# [Work to be completed]
Give again, unaltered, the lines of the listing below that run from the line having "forall t, is_pseudometric" through the line having "Y -> R) : \bar".

# [Records for this task]

(* Let $\gamma_X=(X,d_X(\cdot))$ and $\gamma_Y=(Y,d_Y(\cdot))$ be any two dynamic metric spaces. For any $k\in\mathbf{Z}_+$, \[d_{\mathrm{I}}(\mathrm{rk}_k(\gamma_X),\mathrm{rk}_k(\gamma_Y))\le 2\cdot d_{\mathtt{dyn}}(\gamma_X,\gamma_Y).\]
   Context: A dynamic metric space (DMS) is a pair $\gamma_X=(X,d_X(\cdot))$ where $X$ is a nonempty finite set and $d_X(\cdot):\mathbf{R}\times X\times X\to\mathbf{R}_+$ satisfies: each $d_X(t)$ is a pseudometric, some $d_X(t_0)$ is a metric, and $t\mapsto d_X(t)(x,x')$ is continuous for all $x,x'$. For a closed interval $I$, $(\bigvee_I d_X)(x,x'):=\min_{s\in I}d_X(s)(x,x')$; $[t]^\varepsilon=[t-\varepsilon,t+\varepsilon]$. A tripod between $X$ and $Y$ is a set $Z$ with surjections $\varphi_X:Z\to X$, $\varphi_Y:Z\to Y$; it is an $\varepsilon$-tripod between $\gamma_X,\gamma_Y$ if for all $t\in\mathbf{R}$, $z,z'\in Z$: $(\bigvee_{[t]^\varepsilon}d_X)(\varphi_X(z),\varphi_X(z'))\le d_Y(t)(\varphi_Y(z),\varphi_Y(z'))+2\varepsilon$ and $(\bigvee_{[t]^\varepsilon}d_Y)(\varphi_Y(z),\varphi_Y(z'))\le d_X(t)(\varphi_X(z),\varphi_X(z'))+2\varepsilon$. $d_{\mathtt{dyn}}(\gamma_X,\gamma_Y)$ is the minimum over tripods of the infimum of $\varepsilon$ for which the tripod is an $\varepsilon$-tripod ($\infty$ if none). For symmetric $d$ vanishing on the diagonal, $\mathcal{R}_\delta(X,d)$ is the simplicial complex on $X$ with simplices the nonempty $\sigma$ with $d(x,x')\le\delta$ for all $x,x'\in\sigma$; $\mathrm{H}_k$ is simplicial homology over a fixed field. $\mathbf{R}^6_\times$ is $\mathbf{R}^6$ with $\mathbf{a}\le\mathbf{b}$ iff $a_1\le b_1$, $a_2\ge b_2$, $a_3\ge b_3$, $a_4\ge b_4$, $a_5\le b_5$, $a_6\le b_6$. $\mathbf{a}$ is admissible if $a_1\le a_2$, $a_4\le a_5$, $a_3,a_6\ge0$, $[a_1,a_2]\subseteq[a_4,a_5]$, $a_3\le a_6$; trivially non-admissible if no admissible $\mathbf{b}<\mathbf{a}$ in $\mathbf{R}^6_\times$ exists. $\mathrm{rk}_k(\gamma_X):\mathbf{R}^6\to\mathbf{Z}_+\cup\{\infty\}$ is the rank of $\mathrm{H}_k(\mathcal{R}_{a_3}(X,\bigvee_{[a_1,a_2]}d_X)\hookrightarrow\mathcal{R}_{a_6}(X,\bigvee_{[a_4,a_5]}d_X))$ for admissible $\mathbf{a}$, $\infty$ for trivially non-admissible $\mathbf{a}$, and $0$ otherwise; it is order-reversing on $\mathbf{R}^6_\times$. For order-reversing $F,G:\mathbf{R}^6_\times\to\mathbf{Z}_+\cup\{\infty\}$ and $\varepsilon\ge0$, let $\mathbf{a}+\vec\varepsilon:=(a_1+\varepsilon,a_2-\varepsilon,a_3-\varepsilon,a_4-\varepsilon,a_5+\varepsilon,a_6+\varepsilon)$ (the shift upward by $\varepsilon$ in every coordinate of $\mathbf{R}^6_\times$). Then $d_{\mathrm{I}}(F,G):=\inf\{\varepsilon\ge0:\forall\mathbf{a},\ F(\mathbf{a})\ge G(\mathbf{a}+\vec\varepsilon)\text{ and }G(\mathbf{a})\ge F(\mathbf{a}+\vec\varepsilon)\}$. *)

From HB Require Import structures.
From mathcomp Require Import all_boot all_order all_algebra.
From mathcomp Require Import all_classical all_reals all_analysis.
Set Implicit Arguments. Unset Strict Implicit. Unset Printing Implicit Defensive.
Import Order.TTheory GRing.Theory Num.Theory.
Import numFieldNormedType.Exports.
Local Open Scope classical_set_scope.
Local Open Scope ring_scope.

Definition is_pseudometric (R : realType) (X : finType) (d : X -> X -> R) : Prop :=
  [/\ forall x y, 0 <= d x y,
      forall x, d x x = 0,
      forall x y, d x y = d y x &
      forall x y z, d x z <= d x y + d y z].

Definition is_metric (R : realType) (X : finType) (d : X -> X -> R) : Prop :=
  is_pseudometric d /\ forall x y, d x y = 0 -> x = y.

Definition is_DMS (R : realType) (X : finType) (d : R -> X -> X -> R) : Prop :=
  [/\ (0 < #|X|)%N,
      forall t, is_pseudometric (d t),
      exists t0, is_metric (d t0) &
      forall x x', continuous (fun t => d t x x')].

(* (\/_{[a,b]} d)(x,x') = min_{s in [a,b]} d(s)(x,x')  (the min exists by
   continuity, so it is the infimum) *)
Definition bigvee (R : realType) (X : finType) (d : R -> X -> X -> R) (a b : R)
  (x x' : X) : R :=
  inf [set d s x x' | s in [set s : R | a <= s <= b]].

Definition is_eps_tripod (R : realType) (X Y : finType)
  (dX : R -> X -> X -> R) (dY : R -> Y -> Y -> R)
  (Z : Type) (phX : Z -> X) (phY : Z -> Y) (e : R) : Prop :=
  forall (t : R) (z z' : Z),
    bigvee dX (t - e) (t + e) (phX z) (phX z') <= dY t (phY z) (phY z') + 2 * e
 /\ bigvee dY (t - e) (t + e) (phY z) (phY z') <= dX t (phX z) (phX z') + 2 * e.

Definition d_dyn (R : realType) (X Y : finType)
  (dX : R -> X -> X -> R) (dY : R -> Y -> Y -> R) : \bar R :=
  ereal_inf [set (e%:E)%E | e in [set e : R | 0 <= e /\
     exists (Z : Type) (phX : Z -> X) (phY : Z -> Y),
       [/\ (forall x, exists z, phX z = x), (forall y, exists z, phY z = y) & is_eps_tripod dX dY phX phY e]]].

(* simplicial complexes on X are predicates on {set X} (the simplices) *)
Definition rips (R : realType) (X : finType) (d : X -> X -> R) (delta : R)
  : pred {set X} :=
  fun s => (s != finset.set0) && [forall x in s, forall y in s, d x y <= delta].

(* chains: F-valued functions on subsets of X; a k-simplex s (#|s| = k+1)
   is oriented by the linear order of X given by enum_rank *)
Definition chain (F : fieldType) (X : finType) := {ffun {set X} -> F^o}.

Definition pos_in (X : finType) (s : {set X}) (x : X) : nat :=
  #|[set y in s | (enum_rank y < enum_rank x)%N]|.

(* simplicial boundary: d[v_0..v_k] = sum_i (-1)^i [v_0..^v_i..v_k] *)
Definition bdry_fun (F : fieldType) (X : finType) (c : chain F X) : chain F X :=
  [ffun t : {set X} =>
     \sum_(s : {set X} | (t \subset s) && (#|s| == #|t|.+1)%N)
        \sum_(x in s :\: t) (-1) ^+ pos_in s x * c s].

Definition bdry (F : fieldType) (X : finType) : 'End(chain F X) :=
  linfun (@bdry_fun F X).

Definition simplex_chain (F : fieldType) (X : finType) (s : {set X}) : chain F X :=
  [ffun t => (t == s)%:R].

Definition Cspace (F : fieldType) (X : finType) (k : nat) (K : pred {set X})
  : {vspace chain F X} :=
  <<[seq simplex_chain F s | s <- enum [pred s : {set X} | K s && (#|s| == k.+1)%N]]>>%VS.

Definition cycles (F : fieldType) (X : finType) (k : nat) (K : pred {set X})
  : {vspace chain F X} :=
  (Cspace F k K :&: lker (bdry F X))%VS.

Definition boundaries (F : fieldType) (X : finType) (k : nat) (K : pred {set X})
  : {vspace chain F X} :=
  (bdry F X @: Cspace F k.+1 K)%VS.

(* rank of H_k(K) -> H_k(L) induced by an inclusion K ⊆ L:
   dim Z_k(K) / (Z_k(K) ∩ B_k(L))  *)
Definition hom_rank (F : fieldType) (X : finType) (k : nat) (K L : pred {set X}) : nat :=
  (\dim (cycles F k K) - \dim (cycles F k K :&: boundaries F k L))%N.

Record R6 (R : realType) := mkR6 { c1 : R; c2 : R; c3 : R; c4 : R; c5 : R; c6 : R }.

Definition le6 (R : realType) (a b : R6 R) : Prop :=
  [/\ c1 a <= c1 b, c2 b <= c2 a, c3 b <= c3 a,
      c4 b <= c4 a & (c5 a <= c5 b /\ c6 a <= c6 b)].

Definition admissible (R : realType) (a : R6 R) : Prop :=
  [/\ c1 a <= c2 a, c4 a <= c5 a, 0 <= c3 a /\ 0 <= c6 a,
      (c4 a <= c1 a /\ c2 a <= c5 a) & c3 a <= c6 a].

Definition trivially_nonadmissible (R : realType) (a : R6 R) : Prop :=
  ~ exists b : R6 R, [/\ le6 b a, b <> a & admissible b].

Definition rk (R : realType) (F : fieldType) (k : nat) (X : finType)
  (d : R -> X -> X -> R) (a : R6 R) : \bar R :=
  if `[< admissible a >] then
    ((hom_rank F k (rips (bigvee d (c1 a) (c2 a)) (c3 a))
                   (rips (bigvee d (c4 a) (c5 a)) (c6 a)))%:R)%:E
  else if `[< trivially_nonadmissible a >] then +oo%E else 0%E.

Definition shift6 (R : realType) (a : R6 R) (e : R) : R6 R :=
  mkR6 (c1 a + e) (c2 a - e) (c3 a - e) (c4 a - e) (c5 a + e) (c6 a + e).

Definition d_I (R : realType) (f g : R6 R -> \bar R) : \bar R :=
  ereal_inf [set (e%:E)%E | e in [set e : R | 0 <= e /\
    forall a : R6 R, (g (shift6 a e) <= f a)%E /\ (f (shift6 a e) <= g a)%E]].

From HB Require Import structures.
From mathcomp Require Import all_boot all_order all_algebra.
From mathcomp Require Import all_classical all_reals all_analysis.
From mathcomp Require Import ring lra zify.
Set Implicit Arguments. Unset Strict Implicit. Unset Printing Implicit Defensive.
Import Order.TTheory GRing.Theory Num.Theory.
Local Open Scope ring_scope.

# [Output]
      forall t, is_pseudometric (d t),
      exists t0, is_metric (d t0) &
      forall x x', continuous (fun t => d t x x')].

(* (\/_{[a,b]} d)(x,x') = min_{s in [a,b]} d(s)(x,x')  (the min exists by
   continuity, so it is the infimum) *)
Definition bigvee (R : realType) (X : finType) (d : R -> X -> X -> R) (a b : R)
  (x x' : X) : R :=
  inf [set d s x x' | s in [set s : R | a <= s <= b]].

Definition is_eps_tripod (R : realType) (X Y : finType)
  (dX : R -> X -> X -> R) (dY : R -> Y -> Y -> R)
  (Z : Type) (phX : Z -> X) (phY : Z -> Y) (e : R) : Prop :=
  forall (t : R) (z z' : Z),
    bigvee dX (t - e) (t + e) (phX z) (phX z') <= dY t (phY z) (phY z') + 2 * e
 /\ bigvee dY (t - e) (t + e) (phY z) (phY z') <= dX t (phX z) (phX z') + 2 * e.

Definition d_dyn (R : realType) (X Y : finType)
  (dX : R -> X -> X -> R) (dY : R -> Y -> Y -> R) : \bar R :=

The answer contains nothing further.